Jeszcze do niedawna Chińczycy za kilogram mleka w proszku płacili nam 20 złotych – przypomniał prezes Krajowego Związku Spółdzielni Mleczarskich, Waldemar Broś.
– W tym roku już trudno uzyskać 12 złotych. Podobnie jest z masłem, bo tu też ceny spadły o 30-40 procent – wskazywał Waldemar Broś.
Tymczasem ceny wyrobów mleczarskich w polskich sklepach nadal są na wysokim poziomie. To pokazuje kolejny problem – zbyt wysokie marże nakładane przez sieci handlowe. Sklepy potrafią narzucić marże na nabiał nawet po 80 procent.
– Dzisiaj cen zbytu na podstawowe produkty nie ma. Od dawna próbujemy dyskutować, żeby na niektóre produkty – zwłaszcza podstawowe w życiu człowieka, np. mleko, sery, masło, makaron – aby marże mogły być regulowane – mówił prezes Krajowego Związku Spółdzielni Mleczarskich.
Na mniejsze ceny w styczniu miały wpływ także dodatkowe premie od spółdzielni wypłacane rolnikom w grudniu – zaznaczył wiceminister rolnictwa i rozwoju wsi, Lech Kołakowski.
– Gdyby pominąć aspekt wypłaconej premii mlecznej, to spadki byłyby od 5 do 10 groszy – powiedział wiceminister Lech Kołakowski.
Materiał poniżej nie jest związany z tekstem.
(* Let $(A,\mu_A)$, $(B,\mu_B)$ be associative algebras, $\alpha_A:A\to A$, $\alpha_B:B\to B$ bijective algebra endomorphisms, and $R:B\otimes A\to A\otimes B$ an $(\alpha_A,\alpha_B)$-twisting map, written $R(b\otimes a)=a_R\otimes b_R$. Then the linear map $T:(A\otimes B)\otimes(A\otimes B)\to(A\otimes B)\otimes(A\otimes B)$, $T((a\otimes b)\otimes(a'\otimes b'))=(\alpha_A(a)\otimes b_R)\otimes(a'_R\otimes\alpha_B(b'))$, is an $(\alpha_A\otimes\alpha_B)$-pseudotwistor for the associative tensor product algebra $A\otimes B$, with companions $\tilde T_1=T_{13}\circ(\alpha_A^{-1}\otimes\alpha_B^{-1}\otimes\mathrm{id}_A\otimes\mathrm{id}_B\otimes\mathrm{id}_A\otimes\mathrm{id}_B)$ and $\tilde T_2=T_{13}\circ(\mathrm{id}_A\otimes\mathrm{id}_B\otimes\mathrm{id}_A\otimes\mathrm{id}_B\otimes\alpha_A^{-1}\otimes\alpha_B^{-1})$. The resulting Hom-associative algebra $(A\otimes B)^T_{\alpha_A\otimes\alpha_B}$ has multiplication $(a\otimes b)(a'\otimes b')=\alpha_A(a)a'_R\otimes b_R\alpha_B(b')$ and structure map $\alpha_A\otimes\alpha_B$.
   Context: Over a field $k$; algebras not assumed unital; $A\otimes B$ has product $(a\otimes b)(a'\otimes b')=aa'\otimes bb'$. An $(\alpha_A,\alpha_B)$-twisting map is a linear $R:B\otimes A\to A\otimes B$ with $(\alpha_A\otimes\alpha_B)\circ R=R\circ(\alpha_B\otimes\alpha_A)$, $R\circ(\mathrm{id}_B\otimes\mu_A)=(\mu_A\otimes\mathrm{id}_B)\circ(\mathrm{id}_A\otimes R)\circ(\mathrm{id}_A\otimes\alpha_B^{-1}\otimes\mathrm{id}_A)\circ(R\otimes\mathrm{id}_A)$, $R\circ(\mu_B\otimes\mathrm{id}_A)=(\mathrm{id}_A\otimes\mu_B)\circ(R\otimes\mathrm{id}_B)\circ(\mathrm{id}_B\otimes\alpha_A^{-1}\otimes\mathrm{id}_B)\circ(\mathrm{id}_B\otimes R)$. For an associative algebra $(D,\mu)$ with algebra endomorphism $\alpha$, an $\alpha$-pseudotwistor with companions $\tilde T_1,\tilde T_2$ is a linear $T:D\otimes D\to D\otimes D$ with linear $\tilde T_1,\tilde T_2:D^{\otimes3}\to D^{\otimes3}$ satisfying $(\alpha\otimes\alpha)\circ T=T\circ(\alpha\otimes\alpha)$, $T\circ(\mathrm{id}_D\otimes\mu)=(\mathrm{id}_D\otimes\mu)\circ\tilde T_1\circ(T\otimes\mathrm{id}_D)$, $T\circ(\mu\otimes\mathrm{id}_D)=(\mu\otimes\mathrm{id}_D)\circ\tilde T_2\circ(\mathrm{id}_D\otimes T)$, $\tilde T_1\circ(T\otimes\mathrm{id}_D)\circ(\alpha\otimes T)=\tilde T_2\circ(\mathrm{id}_D\otimes T)\circ(T\otimes\alpha)$; then $D^T_\alpha:=(D,\mu\circ T,\alpha)$ is Hom-associative ($\alpha(xy)=\alpha(x)\alpha(y)$, $\alpha(x)(yz)=(xy)\alpha(z)$). For $T$ written $T(d\otimes d')=d^T\otimes d'_T$ ($d,d'\in D=A\otimes B$), $T_{13}(d\otimes d'\otimes d'')=d^T\otimes d'\otimes d''_T$. *)

(* Tensor products of K-vector spaces are given by their
   universal property. *)
From HB Require Import structures.
From mathcomp Require Import all_boot all_algebra.

Set Implicit Arguments.
Unset Strict Implicit.
Unset Printing Implicit Defensive.

Import GRing.Theory.
Local Open Scope ring_scope.

Definition bilin (K : fieldType) (U V X : lmodType K) (f : U -> V -> X) : Prop :=
  (forall u, linear (f u)) /\ (forall v, linear (fun u => f u v)).

Record tensor_product (K : fieldType) (U V : lmodType K) := TensorProduct {
  tcar : lmodType K;
  tens : U -> V -> tcar;
  tens_bilin : bilin tens;
  tlift : forall X : lmodType K, (U -> V -> X) -> tcar -> X;
  tlift_linear : forall (X : lmodType K) (f : U -> V -> X),
      bilin f -> linear (tlift f);
  tlift_tens : forall (X : lmodType K) (f : U -> V -> X),
      bilin f -> forall u v, tlift f (tens u v) = f u v;
  tens_ext : forall (X : lmodType K) (g h : tcar -> X),
      linear g -> linear h -> (forall u v, g (tens u v) = h (tens u v)) ->
      g =1 h
}.

Definition tensor_functor (K : fieldType) :=
  forall U V : lmodType K, tensor_product U V.

Section TensorOps.
Unset Implicit Arguments.
Context {K : fieldType} (tp : tensor_functor K).

Definition tT (U V : lmodType K) : lmodType K := tcar (tp U V).
Definition tns {U V : lmodType K} (u : U) (v : V) : tT U V := tens (tp U V) u v.
Definition tlft {U V X : lmodType K} (f : U -> V -> X) : tT U V -> X :=
  @tlift K U V (tp U V) X f.
Definition tmap {U V U' V' : lmodType K} (f : U -> U') (g : V -> V') :
  tT U V -> tT U' V' := tlft (fun u v => tns (f u) (g v)).
Definition tassoc {U V W : lmodType K} : tT (tT U V) W -> tT U (tT V W) :=
  tlft (fun x w => tlft (fun u v => tns u (tns v w)) x).
Definition tassocV {U V W : lmodType K} : tT U (tT V W) -> tT (tT U V) W :=
  tlft (fun u y => tlft (fun v w => tns (tns u v) w) y).
Definition tlft22 {U V W Z X : lmodType K} (f : U -> V -> W -> Z -> X) :
  tT (tT U V) (tT W Z) -> X :=
  tlft (fun x y => tlft (fun u v => tlft (fun w z => f u v w z) y) x).

Definition assoc_alg {A : lmodType K} (mu : tT A A -> A) : Prop :=
  linear mu /\ mu \o tmap mu id =1 mu \o tmap id mu \o tassoc.

Definition alg_endo {A : lmodType K} (mu : tT A A -> A) (alpha : A -> A) : Prop :=
  linear alpha /\ alpha \o mu =1 mu \o tmap alpha alpha.

(* (alphaA, alphaB)-twisting map R : B ⊗ A -> A ⊗ B; triple tensor products
   are bracketed on the left, (X ⊗ Y) ⊗ Z, and associators are inserted. *)
Definition twisting_map {A B : lmodType K}
  (muA : tT A A -> A) (muB : tT B B -> B)
  (alphaA alphaAi : A -> A) (alphaB alphaBi : B -> B)
  (R : tT B A -> tT A B) : Prop :=
  [/\ linear R,
      tmap alphaA alphaB \o R =1 R \o tmap alphaB alphaA,
      R \o tmap id muA \o tassoc
        =1 tmap muA id \o tassocV \o tmap id R \o tassoc
           \o tmap (tmap id alphaBi) id \o tmap R id
    &
      R \o tmap muB id
        =1 tmap id muB \o tassoc \o tmap R id \o tassocV
           \o tmap id (tmap alphaAi id) \o tmap id R \o tassoc].

Definition pseudotwistor {D : lmodType K} (mu : tT D D -> D) (alpha : D -> D)
  (T : tT D D -> tT D D) (T1 T2 : tT (tT D D) D -> tT (tT D D) D) : Prop :=
  [/\ linear T /\ linear T1 /\ linear T2,
      tmap alpha alpha \o T =1 T \o tmap alpha alpha,
      T \o tmap id mu \o tassoc =1 tmap id mu \o tassoc \o T1 \o tmap T id,
      T \o tmap mu id =1 tmap mu id \o T2 \o tassocV \o tmap id T \o tassoc
    &
      T1 \o tmap T id \o tassocV \o tmap alpha T \o tassoc
        =1 T2 \o tassocV \o tmap id T \o tassoc \o tmap T alpha].

Definition hom_assoc {D : Type} (m : D -> D -> D) (alpha : D -> D) : Prop :=
  (forall x y, alpha (m x y) = m (alpha x) (alpha y)) /\
  (forall x y z, m (alpha x) (m y z) = m (m x y) (alpha z)).

Definition tensor_alg_mul {A B : lmodType K} (muA : tT A A -> A) (muB : tT B B -> B) :
  tT (tT A B) (tT A B) -> tT A B :=
  tlft22 (fun a b a' b' => tns (muA (tns a a')) (muB (tns b b'))).

Definition twT {A B : lmodType K} (alphaA : A -> A) (alphaB : B -> B)
  (R : tT B A -> tT A B) : tT (tT A B) (tT A B) -> tT (tT A B) (tT A B) :=
  tlft22 (fun a b a' b' =>
    tlft (fun (x : A) (y : B) => tns (tns (alphaA a) y) (tns x (alphaB b')))
         (R (tns b a'))).

Definition T13 {D : lmodType K} (T : tT D D -> tT D D) :
  tT (tT D D) D -> tT (tT D D) D :=
  tlft (fun p d'' => tlft (fun d d' =>
          tlft (fun e e'' => tns (tns e d') e'') (T (tns d d''))) p).

End TensorOps.

(* The identities are checked on pure tensors, by the universal property of
   the tensor product; each image R(b ⊗ a) is in turn expanded as a generic
   sum a_R ⊗ b_R, both sides of every identity being linear in it. On pure
   tensors, the invariance of R under alpha_A ⊗ alpha_B gives the commutation
   of T with alpha and the compatibility of the two companions, while the two
   multiplicativity axioms of R give the two factorisations of T through the
   product of A ⊗ B. Hom-associativity holds for the twist of any associative
   algebra by a pseudotwistor: alpha(x)(yz) and (xy)alpha(z) are obtained from
   the two sides of the compatibility axiom by the factorisation axioms and the
   associativity of mu. *)

From HB Require Import structures.
From mathcomp Require Import all_boot all_algebra.

Set Implicit Arguments.
Unset Strict Implicit.
Unset Printing Implicit Defensive.

Import GRing.Theory.
Local Open Scope ring_scope.

Section TensorCalculus.
Context {K : fieldType} (tp : tensor_functor K).

Lemma linear_idfun (U : lmodType K) : linear (fun x : U => x).
Proof. by []. Qed.

Lemma linear_compfun (U V W : lmodType K) (f : V -> W) (g : U -> V) :
  linear f -> linear g -> linear (fun x => f (g x)).
Proof. by move=> lf lg a u v; rewrite lg lf. Qed.

Lemma tns_linearl (U V : lmodType K) (v : V) : linear (fun u : U => tns tp u v).
Proof. exact: (proj2 (tens_bilin (tp U V))). Qed.

Lemma tns_linearr (U V : lmodType K) (u : U) : linear (@tns K tp U V u).
Proof. exact: (proj1 (tens_bilin (tp U V))). Qed.

Lemma tlft_linear (U V X : lmodType K) (f : U -> V -> X) :
  bilin f -> linear (tlft tp f).
Proof. exact: tlift_linear. Qed.

Lemma tlftE (U V X : lmodType K) (f : U -> V -> X) :
  bilin f -> forall u v, tlft tp f (tns tp u v) = f u v.
Proof. exact: tlift_tens. Qed.

Lemma tT_ext (U V X : lmodType K) (g h : tT tp U V -> X) :
  linear g -> linear h -> (forall u v, g (tns tp u v) = h (tns tp u v)) ->
  forall t, g t = h t.
Proof. exact: tens_ext. Qed.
Przemysł mleczarski jest jednocześnie dobrze prosperującym sektorem polskiego rolnictwa. Świadczy o tym poprzedni rok, który był rekordowym okresem, jeśli chodzi o ceny skupowanego mleka. Listopadowa cena wyniosła prawie trzy złote za litr. Jesteśmy też czwartym producentem nabiału w Unii Europejskiej.
– Rolnicy, producenci rolni hodujący bydło mleczne mają najbardziej stabilną produkcję w polskim rolnictwie. Jesteśmy potęgą mleczarską i w tym widziałbym przyszłość ekonomiczną polskiego rolnika – podsumował wiceszef resortu rolnictwa i rozwoju wsi.
Jednak hodowcy przekonywali, że tak dużych wahań cen nie było już kilka lat. Spadek cen mleka ma miejsce, kiedy od roku radykalnie – nawet o 300 procent -rosną ceny produkcji.